---------- Entries supplied

Lemma seq_cvg_iff (u : nat -> C2) (l : C2) :
  seq_cvg u l <->
  filterlim (fun n => fst (u n)) eventually (locally (fst l)) /\
  filterlim (fun n => snd (u n)) eventually (locally (snd l)).
Proof.
  unfold seq_cvg, n2, sub2; rewrite !(filterlim_locally_ball_norm (K := C_AbsRing)); split.
  - intros Hu; split; intros eps; destruct (Hu eps (cond_pos eps)) as [N HN]; exists N;
      intros n Hn; specialize (HN n Hn); simpl in HN.
    + change (Cmod (fst (u n) - fst l)%C < eps); eapply Rle_lt_trans; [apply Rmax_l | exact HN].
    + change (Cmod (snd (u n) - snd l)%C < eps); eapply Rle_lt_trans; [apply Rmax_r | exact HN].
  - intros [H1 H2] eps Heps.
    destruct (filter_and _ _ (H1 (mkposreal eps Heps)) (H2 (mkposreal eps Heps))) as [N HN].
    exists N; intros n Hn; destruct (HN n Hn) as [Hn1 Hn2]; apply Rmax_lub_lt; assumption.
Qed.

Open Scope C_scope.

(* The principal square root: off the closed negative real axis
   [Cmod q + Re q = 0] it has positive real part; on that axis it returns [0]. *)
Definition csqrt (q : C) : C :=
  let r := sqrt ((Cmod q + Re q) / 2) in (r, Im q / (2 * r))%R.

Lemma csqrt_re_ge0 (q : C) : (0 <= Re (csqrt q))%R.
Proof. apply sqrt_pos. Qed.

Lemma csqrt_re_gt0 (q : C) : (0 < Cmod q + Re q)%R -> (0 < Re (csqrt q))%R.
Proof. intros Hq; apply sqrt_lt_R0; lra. Qed.

Lemma csqrt_sqr (q : C) : (0 < Cmod q + Re q)%R -> csqrt q * csqrt q = q.
Proof.
  intros Hq; pose proof (Cmod2_alt q) as Hmod.
  destruct q as [x y]; unfold csqrt, Re, Im in *; simpl fst in *; simpl snd in *.
  set (m := Cmod (x, y)) in *; set (r := sqrt ((m + x) / 2)).
  assert (Hr : (r * r = (m + x) / 2)%R) by (unfold r; rewrite sqrt_sqrt; lra).
  assert (Hr0 : (0 < r)%R) by (apply sqrt_lt_R0; lra).
  unfold Cmult; simpl; apply injective_projections; simpl.
  - replace (y / (2 * r) * (y / (2 * r)))%R with (y * y / (4 * (r * r)))%R by (field; lra).
    rewrite Hr; apply Rmult_eq_reg_r with (m + x)%R; [|lra].
    field_simplify; [nra | lra].
  - field; lra.
Qed.

Lemma csqrt_unique (q g : C) : g * g = q -> (0 < Re g)%R -> csqrt q = g.
Proof.
  intros Hg Hre.
  assert (Hq : (0 < Cmod q + Re q)%R).
  { rewrite <- Hg, Cmod_mult, re_mult.
    pose proof (Cmod2_alt g); pose proof (Cmod_ge_0 g); nra. }
  set (c := csqrt q).
  assert (Hsum : c + g <> 0).
  { intros E; apply (f_equal Re) in E; rewrite re_plus in E.
    pose proof (csqrt_re_ge0 q) as Hc; fold c in Hc; change (Re 0) with 0%R in E; lra. }
  apply Ceq_minus.
  replace (c - g) with ((c * c - g * g) / (c + g)) by (field; exact Hsum).
  unfold c; rewrite csqrt_sqr, Hg by exact Hq; field; exact Hsum.
Qed.

Lemma re_le_Cmod' (c : C) : (Re c <= Cmod c)%R.
Proof. pose proof (re_le_Cmod c); pose proof (Rle_abs (Re c)); lra. Qed.

Lemma Cmod_add_re_lipschitz (q q' : C) :
  (Cmod q + Re q - 2 * Cmod (q' - q) <= Cmod q' + Re q')%R.
Proof.
  assert (Hsym : Cmod (q - q') = Cmod (q' - q)) by (rewrite <- Cmod_opp; f_equal; ring).
  pose proof (Cmod_triangle q' (q - q')) as Htri.
  replace (q' + (q - q')) with q in Htri by ring.
  pose proof (re_le_Cmod' (q - q')) as Hre.
  replace (Re (q - q')) with (Re q - Re q')%R in Hre by (unfold Cminus; rewrite re_plus, re_opp; ring).
  lra.
Qed.

Lemma re_mul_Cmod_sub_le (g g' : C) :
  (0 <= Re g)%R -> (0 <= Re g')%R -> (Re g * Cmod (g' - g) <= Cmod (g' * g' - g * g))%R.
Proof.
  intros Hg Hg'.
  replace (g' * g' - g * g) with ((g' - g) * (g' + g)) by ring.
  rewrite Cmod_mult, Rmult_comm.
  apply Rmult_le_compat_l; [apply Cmod_ge_0|].
  pose proof (re_le_Cmod' (g' + g)); rewrite re_plus in H; lra.
Qed.

Definition radicand (x : C2) : C := 1 - fst x * fst x - snd x * snd x.

Definition sym_Omega1 (x : C2) : C2 := (Ci * csqrt (radicand x), snd x).
Lemma dcomp_A_rid d : A_set x d -> dcomp d A_rid = d.
Proof.
move/A_setP => x_alone.
have not_x a b : a != inr x -> same_block d a b -> b != inr x.
  move=> ax ab; apply: contraNneq ax => bx.
  by apply/eqP/x_alone; rewrite same_block_sym -bx.
apply: (dcomp_eq_left (pm := fun i => inr (redirect i))).
- move=> a b ab; have [/eqP ax | ax] := boolP (a == inr x).
    by rewrite ax in ab *; rewrite (x_alone _ ab); apply: same_block_refl.
  have bx := not_x _ _ ax ab.
  have proj_emb1 c : c != inr x -> stack_proj (fun i => inr (redirect i)) (emb1 c) = c.
    by case: c => [i|j] //= jx; rewrite redirect_id //; apply: contraNneq jx => ->.
  by rewrite !proj_emb1.
- move=> a b; rewrite same_block_preim_diagram => /eqP.
  case: a b => [i|j] [i'|j'] /=.
  + by move=> [->]; apply: same_block_refl.
  + by case: eqP => // _ [->]; apply: same_block_refl.
  + by case: eqP => // _ [->]; apply: same_block_refl.
  + case: eqP => [->|_]; case: eqP => [->|_] //; first by move=> _; apply: same_block_refl.
    by move=> [->]; apply: same_block_refl.
- move=> a b ab; have [/eqP ax | ax] := boolP (a == inr x).
    by rewrite ax in ab *; rewrite (x_alone _ ab); apply: connect0.
  apply: (outer_rel_same_block (good := fun c => c != inr x)) => //; last exact: not_x ab.
  move=> j /= jx; have {}jx : j != x by apply: contraNneq jx => ->.
  by rewrite same_block_preim_diagram /= redirect_id // (negbTE jx).
Qed.

Lemma dcomp_B_rid d : same_block d (inr x) (inr y) -> dcomp d B_rid = d.
Proof.
move=> xy; apply: (dcomp_eq_left (pm := fun i => inr i)).
- by move=> a b; case: a; case: b.
- have redirect_same k k' : redirect k = redirect k' -> same_block d (inr k) (inr k').
    rewrite /redirect; case: eqP => [->|_]; case: eqP => [->|_] //.
    + by move=> _; apply: same_block_refl.
    + by move=> <-.
    + by move=> ->; rewrite same_block_sym.
    + by move=> ->; apply: same_block_refl.
  move=> a b; rewrite same_block_preim_diagram => /eqP.
  by case: a b => [i|j] [i'|j'] /= [/redirect_same].
- move=> a b ab; apply: (outer_rel_same_block (good := predT)) => // j _.
  by rewrite same_block_preim_diagram.
Qed.

End RightIdentities.

Section DiagramSets.
Variables (n : nat) (X : {set 'I_n}) (x : 'I_n).
Hypothesis xX : x \in X.
Implicit Type d : diagram n.

Lemma A_set_notB d : A_set x d -> ~~ B_set X x d.
Proof.
move/A_setP => x_alone; apply/existsP => [[y /andP [_ /andP [yx /x_alone [yx']]]]].
by rewrite yx' eqxx in yx.
Qed.

Lemma A_set_J d : A_set x d -> J_set X d.
Proof. by move=> Ax; apply/orP; left; apply/existsP; exists x; rewrite xX. Qed.

Lemma B_set_J d : B_set X x d -> J_set X d.
Proof.
case/existsP => y /andP [yX /andP [yx xy]]; apply/orP; right.
apply/existsP; exists x; rewrite xX; apply/existsP; exists y.
by rewrite yX eq_sym yx xy.
Qed.

Lemma J_set_subset (Z1 Z2 : {set 'I_n}) d : Z1 \subset Z2 -> J_set Z1 d -> J_set Z2 d.
Proof.
move/subsetP => sZ; case/orP => [/existsP [z /andP [zZ Az]] | /existsP [z1 /andP [z1Z]]].
  by apply/orP; left; apply/existsP; exists z; rewrite (sZ _ zZ).
case/existsP => z2 /andP [z2Z same]; apply/orP; right.
by apply/existsP; exists z1; rewrite (sZ _ z1Z); apply/existsP; exists z2; rewrite (sZ _ z2Z).
Qed.

Lemma J_set_split d :
  J_set X d -> ~~ A_set x d -> ~~ B_set X x d -> J_set (X :\ x) d.
Proof.
move=> Jd nA nB.
have notB y : y \in X -> y != x -> ~~ same_block d (inr x) (inr y).
  by move=> yX yx; apply: contra nB => xy; apply/existsP; exists y; rewrite yX yx.
case/orP: Jd => [/existsP [z /andP [zX Az]] | /existsP [z1 /andP [z1X]]].
  apply/orP; left; apply/existsP; exists z; rewrite !inE zX Az !andbT.
  by apply: contraNneq nA => <-.
case/existsP => z2 /andP [z2X /andP [z12 same]].
have z1x : z1 != x.
  by apply: contraTneq same => z1x; subst z1; apply: notB; rewrite // eq_sym.
have z2x : z2 != x.
  by apply: contraTneq same => z2x; subst z2; rewrite same_block_sym; apply: notB.
apply/orP; right; apply/existsP; exists z1; rewrite !inE z1x z1X.
by apply/existsP; exists z2; rewrite !inE z2x z2X z12 same.
Qed.

Lemma A_set_not_perm d : A_set x d -> ~~ is_perm_diagram d.
Proof.
move=> Ax; apply/negP => /forallP /(_ [set inr x]); rewrite (Ax : _ \in _) /=.
have -> : [set i : 'I_n | inl i \in [set (inr x : node n)]] = set0.
  by apply/setP => i; rewrite !inE.
by rewrite cards0.
Qed.

Lemma B_set_not_perm d : B_set X x d -> ~~ is_perm_diagram d.
Proof.
case/existsP => y /andP [_ /andP [yx xy]]; apply/negP => /forallP.
move/(_ (pblock (val d) (inr x))); rewrite pblock_mem ?cover_diagram //= => /andP [_ /eqP c1].
have : [set x; y] \subset [set j : 'I_n | inr j \in pblock (val d) (inr x)].
  apply/subsetP => j; rewrite !inE => /orP [] /eqP ->; last exact: xy.
  by rewrite mem_pblock cover_diagram.
by move/subset_leq_card; rewrite c1 cards2 eq_sym yx.
Qed.

End DiagramSets.

Local Open Scope ring_scope.

Section RspanTheory.
Variables (R : comPzRingType) (V : lmodType R) (S : V -> Prop).

Lemma Rspan0 : Rspan S 0.
Proof. by exists 0%N, (fun _ => 0), (fun _ => 0); split => [[]//|]; rewrite big_ord0. Qed.

Lemma Rspan_gen v : S v -> Rspan S v.
Proof.
by move=> Sv; exists 1%N, (fun _ => 1), (fun _ => v); split => //; rewrite big_ord1 scale1r.
Qed.

Lemma RspanD u v : Rspan S u -> Rspan S v -> Rspan S (u + v).
Proof.
move=> [k1 [c1 [w1 [S1 ->]]]] [k2 [c2 [w2 [S2 ->]]]].
exists (k1 + k2)%N, (fun i => match split i with inl a => c1 a | inr b => c2 b end),
  (fun i => match split i with inl a => w1 a | inr b => w2 b end); split.
  by move=> i; case: (split i).
rewrite big_split_ord /=; congr (_ + _); apply: eq_bigr => i _.
  by rewrite (unsplitK (inl _)).
by rewrite (unsplitK (inr _)).
Qed.

Lemma RspanZ r v : Rspan S v -> Rspan S (r *: v).
Proof.
move=> [k [c [w [Sw ->]]]]; exists k, (fun i => r * c i), w; split => //.
by rewrite scaler_sumr; apply: eq_bigr => i _; rewrite scalerA.
Qed.

Lemma Rspan_sum (I : finType) (F : I -> V) :
  (forall i, Rspan S (F i)) -> Rspan S (\sum_i F i).
Proof. by move=> SF; apply: big_ind => //; [exact: Rspan0 | exact: RspanD]. Qed.

Lemma Rspan_map (W : lmodType R) (T : W -> Prop) (f : {linear V -> W}) :
  (forall v, S v -> T (f v)) -> forall v, Rspan S v -> Rspan T (f v).
Proof.
move=> fST v [k [c [w [Sw ->]]]]; exists k, c, (fun i => f (w i)); split.
  by move=> i; apply: fST.
by rewrite linear_sum; apply: eq_bigr => i _; rewrite linearZ.
Qed.

End RspanTheory.

Lemma fst_sum (V W : nmodType) (I : finType) (F : I -> V * W) :
  (\sum_i F i).1 = \sum_i (F i).1.
Proof. exact: (big_morph fst). Qed.

Lemma snd_sum (V W : nmodType) (I : finType) (F : I -> V * W) :
  (\sum_i F i).2 = \sum_i (F i).2.
Proof. exact: (big_morph snd). Qed.

Section DiagramBasis.
Variables (R : comPzRingType) (delta : R) (n : nat).
Local Notation P := (palg R n).
Local Notation pmul := (@pmul R delta n).
Implicit Types (S : pred (diagram n)) (d m : diagram n) (f g p : P).

(* Locked: otherwise comparing [pdiag d] with [pdiag d'] during rewriting
   unfolds the enumeration of all diagrams. *)
Fact pdiag_key : unit. Proof. by []. Qed.
Definition pdiag_def d : P := [ffun e => (e == d)%:R].
Definition pdiag := locked_with pdiag_key pdiag_def.

Lemma pdiagE d e : pdiag d e = (e == d)%:R.
Proof. by rewrite /pdiag locked_withE /pdiag_def ffunE. Qed.

Lemma pdiag_id d : pdiag d d = 1.
Proof. by rewrite pdiagE eqxx. Qed.

Lemma pdiag_neq d d' : d' != d -> pdiag d d' = 0.
Proof. by rewrite pdiagE => /negbTE ->. Qed.

Lemma palg_expand f : f = \sum_d f d *: pdiag d.
Proof.
apply/ffunP => e; rewrite sum_ffunE (bigD1 e) //= big1 => [|d ed].
  by rewrite ffunE pdiag_id [_ *: _]mulr1 addr0.
by rewrite eq_sym in ed; rewrite ffunE (pdiag_neq ed) [_ *: _]mulr0.
Qed.

Lemma pmulDr p f g : pmul p (f + g) = pmul p f + pmul p g.
Proof.
apply/ffunP => e; rewrite !ffunE -big_split; apply: eq_bigr => d1 _.
rewrite -big_split; apply: eq_bigr => d2 _ /=; rewrite ffunE.
by case: ifP => _; rewrite ?addr0 // mulrDr mulrDl.
Qed.

Lemma pmul0r p : pmul p 0 = 0.
Proof.
apply/ffunP => e; rewrite !ffunE big1 // => d1 _; rewrite big1 // => d2 _.
by rewrite ffunE mulr0 mul0r; case: ifP.
Qed.

Lemma pmul_pdiag d m : dloops d m = 0%N -> pmul (pdiag d) (pdiag m) = pdiag (dcomp d m).
Proof.
move=> no_loops; apply/ffunP => e; rewrite [LHS]ffunE.
rewrite (big_only1 d) => [|//|d1 d1d _]; last first.
  by apply: big1 => d2 _; rewrite (pdiag_neq d1d) !mul0r if_same.
rewrite (big_only1 m) => [|//|d2 d2m _]; last first.
  by rewrite (pdiag_neq d2m) mulr0 mul0r if_same.
by rewrite !pdiag_id no_loops expr0 !mulr1 pdiagE eq_sym; case: eqP.
Qed.

Lemma paug_pdiag d : ~~ is_perm_diagram d -> paug (pdiag d) = 0.
Proof.
move=> not_perm; apply: big1 => d' perm_d'; rewrite pdiagE; case: eqP => // d'd.
by rewrite -d'd perm_d' in not_perm.
Qed.

Lemma pair_pdiag_expand (f g : P) :
  (f, g) = \sum_d (f d *: (pdiag d, 0) + g d *: (0, pdiag d)).
Proof.
apply: injective_projections; rewrite /= ?fst_sum ?snd_sum /=.
  by rewrite [LHS]palg_expand; apply: eq_bigr => d _ /=; rewrite scaler0 addr0.
by rewrite [LHS]palg_expand; apply: eq_bigr => d _ /=; rewrite scaler0 add0r.
Qed.

Lemma dspan0 S : dspan S (0 : P).
Proof. by move=> d; rewrite ffunE eqxx. Qed.

Lemma dspanD S f g : dspan S f -> dspan S g -> dspan S (f + g).
Proof.
move=> Sf Sg d; rewrite ffunE; have [f0|/Sf //] := eqVneq (f d) 0.
by rewrite f0 add0r; apply: Sg.
Qed.

Lemma dspanZ S r f : dspan S f -> dspan S (r *: f).
Proof.
move=> Sf d; rewrite ffunE; have [f0|/Sf //] := eqVneq (f d) 0.
by rewrite f0 [_ *: _]mulr0 eqxx.
Qed.

Lemma dspanW (S1 S2 : pred (diagram n)) f :
  (forall d, S1 d -> S2 d) -> dspan S1 f -> dspan S2 f.
Proof. by move=> S12 S1f d /S1f /S12. Qed.

Lemma dspan_pdiag S d : S d -> dspan S (pdiag d).
Proof. by move=> Sd e; rewrite pdiagE; case: (e =P d) => [->|] //; rewrite eqxx. Qed.

Definition dproj S f : P := [ffun d => if S d then f d else 0].

Lemma dspan_dproj S f : dspan S (dproj S f).
Proof. by move=> d; rewrite ffunE; case: (S d); rewrite ?eqxx. Qed.

Lemma dspan_left_submodule S :
  (forall d1 d2, S d2 -> S (dcomp d1 d2)) -> is_left_submodule pmul (dspan S).
Proof.
move=> S_dcomp; split; [exact: dspan0 | exact: dspanD | exact: dspanZ |].
move=> p f Sf e; rewrite ffunE; apply: contraNT => notS; apply/eqP.
apply: big1 => d1 _; apply: big1 => d2 _; case: eqP => // de.
have [f0|/Sf Sd2] := eqVneq (f d2) 0; first by rewrite f0 mulr0 mul0r.
by rewrite -de S_dcomp in notS.
Qed.

End DiagramBasis.

Lemma exists_neq n (i : 'I_n) : (1 < n)%N -> exists j : 'I_n, j != i.
Proof.
move=> n_gt1; pose j0 := Ordinal (ltnW n_gt1); pose j1 := Ordinal n_gt1.
have [ij0|] := eqVneq i j0; last by exists j0; rewrite eq_sym.
by exists j1; rewrite ij0.
Qed.

Section Proposition46.
Variables (R : comPzRingType) (delta : R) (n : nat) (X : {set 'I_n}) (x : 'I_n).
Hypotheses (n_gt1 : (1 < n)%N) (xX : x \in X).
Local Notation P := (palg R n).
Local Notation pmul := (@pmul R delta n).
Local Notation J := (@Jmod R n).
Local Notation all := (@all_palg R n).
Local Notation top := (@sum_top R n X x).
Local Notation bot := (@sum_bot R n X x).
Local Notation top_rel := (triv_rel (@paug R n) (@pmul2 R delta n) top).
Local Notation tensor_bot Z := (triv_tensor_bot (@paug R n) pmul all (J Z)).

Lemma sum_map_is_linear : linear (@sum_map R n).
Proof. by move=> c u v; rewrite /sum_map /= scalerDr addrACA. Qed.

HB.instance Definition _ := GRing.isLinear.Build R (P * P)%type P _ (@sum_map R n)
  sum_map_is_linear.

Lemma diagram_left_ideals :
  [/\ is_left_submodule pmul (@Amod R n x), is_left_submodule pmul (@Bmod R n X x),
      is_left_submodule pmul (J X) & is_left_submodule pmul (J (X :\ x))].
Proof.
split; apply: dspan_left_submodule => d1 d2.
- exact: A_set_dcomp.
- exact: B_set_dcomp.
- exact: J_set_dcomp.
- exact: J_set_dcomp.
Qed.

Lemma Jmod_delete f : J (X :\ x) f -> J X f.
Proof. by apply: dspanW => d; apply: J_set_subset; apply: subsetDl. Qed.

Lemma sum_top_J v : top v -> J X (sum_map v).
Proof.
case=> Av Bv; apply: dspanD; first exact: dspanW (A_set_J xX) Av.
exact: dspanW (B_set_J xX) Bv.
Qed.

Definition split_AB (f : P) : P * P := (dproj (A_set x) f, dproj (B_set X x) f).

Lemma sum_top_split f : top (split_AB f).
Proof. by split; apply: dspan_dproj. Qed.

Lemma J_split_AB f : J X f -> J (X :\ x) (sum_map (split_AB f) - f).
Proof.
move=> Jf d; rewrite /sum_map /split_AB /= !ffunE.
have [Ad|nA] := boolP (A_set x d).
  by rewrite (negbTE (A_set_notB X Ad)) addr0 subrr eqxx.
have [Bd|nB] := boolP (B_set X x d); first by rewrite add0r subrr eqxx.
by rewrite add0r sub0r oppr_eq0 => /Jf Jd; apply: J_set_split.
Qed.

Lemma sum_bot_of_J v : top v -> J (X :\ x) (sum_map v) -> bot v.
Proof.
move: v => [v1 v2] [Av1 Bv2] /= Jv; split; split => // d vd.
  have v2d : v2 d = 0 by apply/eqP; apply: contraNT (Bv2 d) (A_set_notB X (Av1 _ vd)).
  by apply: Jv; rewrite ffunE v2d addr0.
have v1d : v1 d = 0.
  by apply/eqP; apply: contraNT (Av1 d) (contraTN (@A_set_notB _ X _ _) (Bv2 _ vd)).
by apply: Jv; rewrite ffunE v1d add0r.
Qed.

Lemma quotient_short_exact :
  sq_short_exact top bot all (J (X :\ x)) all (J X) (@sum_map R n) id.
Proof.
split.
- by split => // v [[_ J1] [_ J2]]; apply: dspanD.
- by split => //; apply: Jmod_delete.
- exact: sum_bot_of_J.
- split; first exact: sum_top_J.
  by move=> w _ Jw; exists (split_AB w); split; [apply: sum_top_split | apply: J_split_AB].
- by move=> w _; exists w; split => //; rewrite subrr; apply: dspan0.
Qed.

Lemma triv_rel_sum_map v : top_rel v -> triv_rel (@paug R n) pmul all (sum_map v).
Proof.
apply: (Rspan_map (f := @sum_map R n)) => _ [p [m [_ ->]]].
exists p, (sum_map m); split => //.
by rewrite /sum_map /pmul2 /= pmulDr scalerDr opprD addrACA.
Qed.

Lemma tensor_bot_delete w : tensor_bot (X :\ x) w -> tensor_bot X w.
Proof. by case=> u [t [Ju [Tt ->]]]; exists u, t; split => //; apply: Jmod_delete. Qed.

--------------------

Your goal —
Start at the first line of the entries and stop at the line that contains "assert (Hr0 : (0". Repeat every line in that span exactly, and nothing beyond it.

The completed task —
Lemma seq_cvg_iff (u : nat -> C2) (l : C2) :
  seq_cvg u l <->
  filterlim (fun n => fst (u n)) eventually (locally (fst l)) /\
  filterlim (fun n => snd (u n)) eventually (locally (snd l)).
Proof.
  unfold seq_cvg, n2, sub2; rewrite !(filterlim_locally_ball_norm (K := C_AbsRing)); split.
  - intros Hu; split; intros eps; destruct (Hu eps (cond_pos eps)) as [N HN]; exists N;
      intros n Hn; specialize (HN n Hn); simpl in HN.
    + change (Cmod (fst (u n) - fst l)%C < eps); eapply Rle_lt_trans; [apply Rmax_l | exact HN].
    + change (Cmod (snd (u n) - snd l)%C < eps); eapply Rle_lt_trans; [apply Rmax_r | exact HN].
  - intros [H1 H2] eps Heps.
    destruct (filter_and _ _ (H1 (mkposreal eps Heps)) (H2 (mkposreal eps Heps))) as [N HN].
    exists N; intros n Hn; destruct (HN n Hn) as [Hn1 Hn2]; apply Rmax_lub_lt; assumption.
Qed.

Open Scope C_scope.

(* The principal square root: off the closed negative real axis
   [Cmod q + Re q = 0] it has positive real part; on that axis it returns [0]. *)
Definition csqrt (q : C) : C :=
  let r := sqrt ((Cmod q + Re q) / 2) in (r, Im q / (2 * r))%R.

Lemma csqrt_re_ge0 (q : C) : (0 <= Re (csqrt q))%R.
Proof. apply sqrt_pos. Qed.

Lemma csqrt_re_gt0 (q : C) : (0 < Cmod q + Re q)%R -> (0 < Re (csqrt q))%R.
Proof. intros Hq; apply sqrt_lt_R0; lra. Qed.

Lemma csqrt_sqr (q : C) : (0 < Cmod q + Re q)%R -> csqrt q * csqrt q = q.
Proof.
  intros Hq; pose proof (Cmod2_alt q) as Hmod.
  destruct q as [x y]; unfold csqrt, Re, Im in *; simpl fst in *; simpl snd in *.
  set (m := Cmod (x, y)) in *; set (r := sqrt ((m + x) / 2)).
  assert (Hr : (r * r = (m + x) / 2)%R) by (unfold r; rewrite sqrt_sqrt; lra).
  assert (Hr0 : (0 < r)%R) by (apply sqrt_lt_R0; lra).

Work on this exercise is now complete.